Reproduce all of the data exactly as written.

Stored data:
-- -- --

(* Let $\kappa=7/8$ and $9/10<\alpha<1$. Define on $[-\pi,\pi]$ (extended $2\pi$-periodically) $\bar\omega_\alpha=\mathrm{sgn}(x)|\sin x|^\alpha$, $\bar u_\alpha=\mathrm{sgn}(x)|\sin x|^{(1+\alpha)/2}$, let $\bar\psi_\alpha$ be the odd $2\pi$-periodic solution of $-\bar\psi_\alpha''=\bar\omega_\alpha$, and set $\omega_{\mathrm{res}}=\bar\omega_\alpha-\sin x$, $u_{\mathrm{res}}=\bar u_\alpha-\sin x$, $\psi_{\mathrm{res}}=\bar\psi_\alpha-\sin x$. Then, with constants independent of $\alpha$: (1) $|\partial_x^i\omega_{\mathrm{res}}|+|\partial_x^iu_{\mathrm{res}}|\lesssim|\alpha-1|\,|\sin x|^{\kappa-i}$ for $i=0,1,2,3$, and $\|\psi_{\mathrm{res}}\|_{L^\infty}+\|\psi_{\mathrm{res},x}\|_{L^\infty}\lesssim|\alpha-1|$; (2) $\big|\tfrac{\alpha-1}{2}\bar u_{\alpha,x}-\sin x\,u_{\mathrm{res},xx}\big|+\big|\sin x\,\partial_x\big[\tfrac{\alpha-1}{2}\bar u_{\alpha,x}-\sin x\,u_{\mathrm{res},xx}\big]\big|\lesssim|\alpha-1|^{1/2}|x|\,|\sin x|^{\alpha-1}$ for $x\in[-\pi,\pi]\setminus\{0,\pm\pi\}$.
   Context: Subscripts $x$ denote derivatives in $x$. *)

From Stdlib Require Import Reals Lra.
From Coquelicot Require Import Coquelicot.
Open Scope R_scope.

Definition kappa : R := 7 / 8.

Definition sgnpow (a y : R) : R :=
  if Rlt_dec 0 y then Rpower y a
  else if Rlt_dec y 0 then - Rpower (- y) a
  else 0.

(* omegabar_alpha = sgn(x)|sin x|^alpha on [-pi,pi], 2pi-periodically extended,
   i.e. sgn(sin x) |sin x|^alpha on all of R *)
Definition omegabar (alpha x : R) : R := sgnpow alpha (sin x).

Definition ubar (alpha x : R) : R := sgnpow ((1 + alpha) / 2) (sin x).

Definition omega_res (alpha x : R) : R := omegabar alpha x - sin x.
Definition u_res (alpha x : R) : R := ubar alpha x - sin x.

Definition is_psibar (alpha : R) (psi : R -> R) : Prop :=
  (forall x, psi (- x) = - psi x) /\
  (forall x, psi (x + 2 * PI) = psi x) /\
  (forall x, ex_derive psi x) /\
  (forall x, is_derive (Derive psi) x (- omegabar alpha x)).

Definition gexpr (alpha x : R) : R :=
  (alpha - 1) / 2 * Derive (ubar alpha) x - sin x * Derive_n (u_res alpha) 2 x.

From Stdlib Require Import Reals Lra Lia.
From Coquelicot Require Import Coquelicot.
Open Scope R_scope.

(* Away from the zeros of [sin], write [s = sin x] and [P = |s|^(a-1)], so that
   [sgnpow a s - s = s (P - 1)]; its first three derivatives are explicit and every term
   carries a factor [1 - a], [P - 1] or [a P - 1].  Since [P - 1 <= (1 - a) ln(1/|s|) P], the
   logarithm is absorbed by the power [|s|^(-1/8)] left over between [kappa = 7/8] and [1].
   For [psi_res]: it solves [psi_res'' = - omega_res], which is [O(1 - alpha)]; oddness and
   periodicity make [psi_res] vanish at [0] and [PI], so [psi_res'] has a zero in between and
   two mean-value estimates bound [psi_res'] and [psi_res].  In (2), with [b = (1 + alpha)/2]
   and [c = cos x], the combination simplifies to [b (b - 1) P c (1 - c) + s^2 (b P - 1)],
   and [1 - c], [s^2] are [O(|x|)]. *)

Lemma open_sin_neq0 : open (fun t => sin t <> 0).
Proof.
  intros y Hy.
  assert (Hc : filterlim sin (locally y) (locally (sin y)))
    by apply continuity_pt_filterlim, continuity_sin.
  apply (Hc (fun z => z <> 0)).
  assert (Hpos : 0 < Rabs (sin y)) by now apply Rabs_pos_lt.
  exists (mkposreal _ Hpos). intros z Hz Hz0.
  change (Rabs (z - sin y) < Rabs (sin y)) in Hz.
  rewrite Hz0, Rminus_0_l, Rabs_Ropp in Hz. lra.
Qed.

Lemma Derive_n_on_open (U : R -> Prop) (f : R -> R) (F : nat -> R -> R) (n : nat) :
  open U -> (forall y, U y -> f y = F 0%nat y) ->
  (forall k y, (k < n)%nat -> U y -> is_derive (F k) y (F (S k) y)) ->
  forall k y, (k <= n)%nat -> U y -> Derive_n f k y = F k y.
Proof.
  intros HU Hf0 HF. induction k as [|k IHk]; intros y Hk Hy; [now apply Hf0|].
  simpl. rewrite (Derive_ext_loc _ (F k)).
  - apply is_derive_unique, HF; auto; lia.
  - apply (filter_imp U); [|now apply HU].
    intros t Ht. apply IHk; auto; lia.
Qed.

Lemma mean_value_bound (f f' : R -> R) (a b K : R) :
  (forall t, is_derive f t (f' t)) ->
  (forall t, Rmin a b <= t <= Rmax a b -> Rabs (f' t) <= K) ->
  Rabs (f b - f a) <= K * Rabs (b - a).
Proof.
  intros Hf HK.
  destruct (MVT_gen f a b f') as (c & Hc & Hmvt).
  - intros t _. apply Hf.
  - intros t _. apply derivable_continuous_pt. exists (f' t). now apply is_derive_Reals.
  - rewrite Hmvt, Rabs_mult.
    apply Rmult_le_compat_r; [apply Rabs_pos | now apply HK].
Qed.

-- -- --

» **Exercise solution**:
(* Let $\kappa=7/8$ and $9/10<\alpha<1$. Define on $[-\pi,\pi]$ (extended $2\pi$-periodically) $\bar\omega_\alpha=\mathrm{sgn}(x)|\sin x|^\alpha$, $\bar u_\alpha=\mathrm{sgn}(x)|\sin x|^{(1+\alpha)/2}$, let $\bar\psi_\alpha$ be the odd $2\pi$-periodic solution of $-\bar\psi_\alpha''=\bar\omega_\alpha$, and set $\omega_{\mathrm{res}}=\bar\omega_\alpha-\sin x$, $u_{\mathrm{res}}=\bar u_\alpha-\sin x$, $\psi_{\mathrm{res}}=\bar\psi_\alpha-\sin x$. Then, with constants independent of $\alpha$: (1) $|\partial_x^i\omega_{\mathrm{res}}|+|\partial_x^iu_{\mathrm{res}}|\lesssim|\alpha-1|\,|\sin x|^{\kappa-i}$ for $i=0,1,2,3$, and $\|\psi_{\mathrm{res}}\|_{L^\infty}+\|\psi_{\mathrm{res},x}\|_{L^\infty}\lesssim|\alpha-1|$; (2) $\big|\tfrac{\alpha-1}{2}\bar u_{\alpha,x}-\sin x\,u_{\mathrm{res},xx}\big|+\big|\sin x\,\partial_x\big[\tfrac{\alpha-1}{2}\bar u_{\alpha,x}-\sin x\,u_{\mathrm{res},xx}\big]\big|\lesssim|\alpha-1|^{1/2}|x|\,|\sin x|^{\alpha-1}$ for $x\in[-\pi,\pi]\setminus\{0,\pm\pi\}$.
   Context: Subscripts $x$ denote derivatives in $x$. *)

From Stdlib Require Import Reals Lra.
From Coquelicot Require Import Coquelicot.
Open Scope R_scope.

Definition kappa : R := 7 / 8.

Definition sgnpow (a y : R) : R :=
  if Rlt_dec 0 y then Rpower y a
  else if Rlt_dec y 0 then - Rpower (- y) a
  else 0.

(* omegabar_alpha = sgn(x)|sin x|^alpha on [-pi,pi], 2pi-periodically extended,
   i.e. sgn(sin x) |sin x|^alpha on all of R *)
Definition omegabar (alpha x : R) : R := sgnpow alpha (sin x).

Definition ubar (alpha x : R) : R := sgnpow ((1 + alpha) / 2) (sin x).

Definition omega_res (alpha x : R) : R := omegabar alpha x - sin x.
Definition u_res (alpha x : R) : R := ubar alpha x - sin x.

Definition is_psibar (alpha : R) (psi : R -> R) : Prop :=
  (forall x, psi (- x) = - psi x) /\
  (forall x, psi (x + 2 * PI) = psi x) /\
  (forall x, ex_derive psi x) /\
  (forall x, is_derive (Derive psi) x (- omegabar alpha x)).

Definition gexpr (alpha x : R) : R :=
  (alpha - 1) / 2 * Derive (ubar alpha) x - sin x * Derive_n (u_res alpha) 2 x.

From Stdlib Require Import Reals Lra Lia.
From Coquelicot Require Import Coquelicot.
Open Scope R_scope.

(* Away from the zeros of [sin], write [s = sin x] and [P = |s|^(a-1)], so that
   [sgnpow a s - s = s (P - 1)]; its first three derivatives are explicit and every term
   carries a factor [1 - a], [P - 1] or [a P - 1].  Since [P - 1 <= (1 - a) ln(1/|s|) P], the
   logarithm is absorbed by the power [|s|^(-1/8)] left over between [kappa = 7/8] and [1].
   For [psi_res]: it solves [psi_res'' = - omega_res], which is [O(1 - alpha)]; oddness and
   periodicity make [psi_res] vanish at [0] and [PI], so [psi_res'] has a zero in between and
   two mean-value estimates bound [psi_res'] and [psi_res].  In (2), with [b = (1 + alpha)/2]
   and [c = cos x], the combination simplifies to [b (b - 1) P c (1 - c) + s^2 (b P - 1)],
   and [1 - c], [s^2] are [O(|x|)]. *)

Lemma open_sin_neq0 : open (fun t => sin t <> 0).
Proof.
  intros y Hy.
  assert (Hc : filterlim sin (locally y) (locally (sin y)))
    by apply continuity_pt_filterlim, continuity_sin.
  apply (Hc (fun z => z <> 0)).
  assert (Hpos : 0 < Rabs (sin y)) by now apply Rabs_pos_lt.
  exists (mkposreal _ Hpos). intros z Hz Hz0.
  change (Rabs (z - sin y) < Rabs (sin y)) in Hz.
  rewrite Hz0, Rminus_0_l, Rabs_Ropp in Hz. lra.
Qed.

Lemma Derive_n_on_open (U : R -> Prop) (f : R -> R) (F : nat -> R -> R) (n : nat) :
  open U -> (forall y, U y -> f y = F 0%nat y) ->
  (forall k y, (k < n)%nat -> U y -> is_derive (F k) y (F (S k) y)) ->
  forall k y, (k <= n)%nat -> U y -> Derive_n f k y = F k y.
Proof.
  intros HU Hf0 HF. induction k as [|k IHk]; intros y Hk Hy; [now apply Hf0|].
  simpl. rewrite (Derive_ext_loc _ (F k)).
  - apply is_derive_unique, HF; auto; lia.
  - apply (filter_imp U); [|now apply HU].
    intros t Ht. apply IHk; auto; lia.
Qed.

Lemma mean_value_bound (f f' : R -> R) (a b K : R) :
  (forall t, is_derive f t (f' t)) ->
  (forall t, Rmin a b <= t <= Rmax a b -> Rabs (f' t) <= K) ->
  Rabs (f b - f a) <= K * Rabs (b - a).
Proof.
  intros Hf HK.
  destruct (MVT_gen f a b f') as (c & Hc & Hmvt).
  - intros t _. apply Hf.
  - intros t _. apply derivable_continuous_pt. exists (f' t). now apply is_derive_Reals.
  - rewrite Hmvt, Rabs_mult.
    apply Rmult_le_compat_r; [apply Rabs_pos | now apply HK].
Qed.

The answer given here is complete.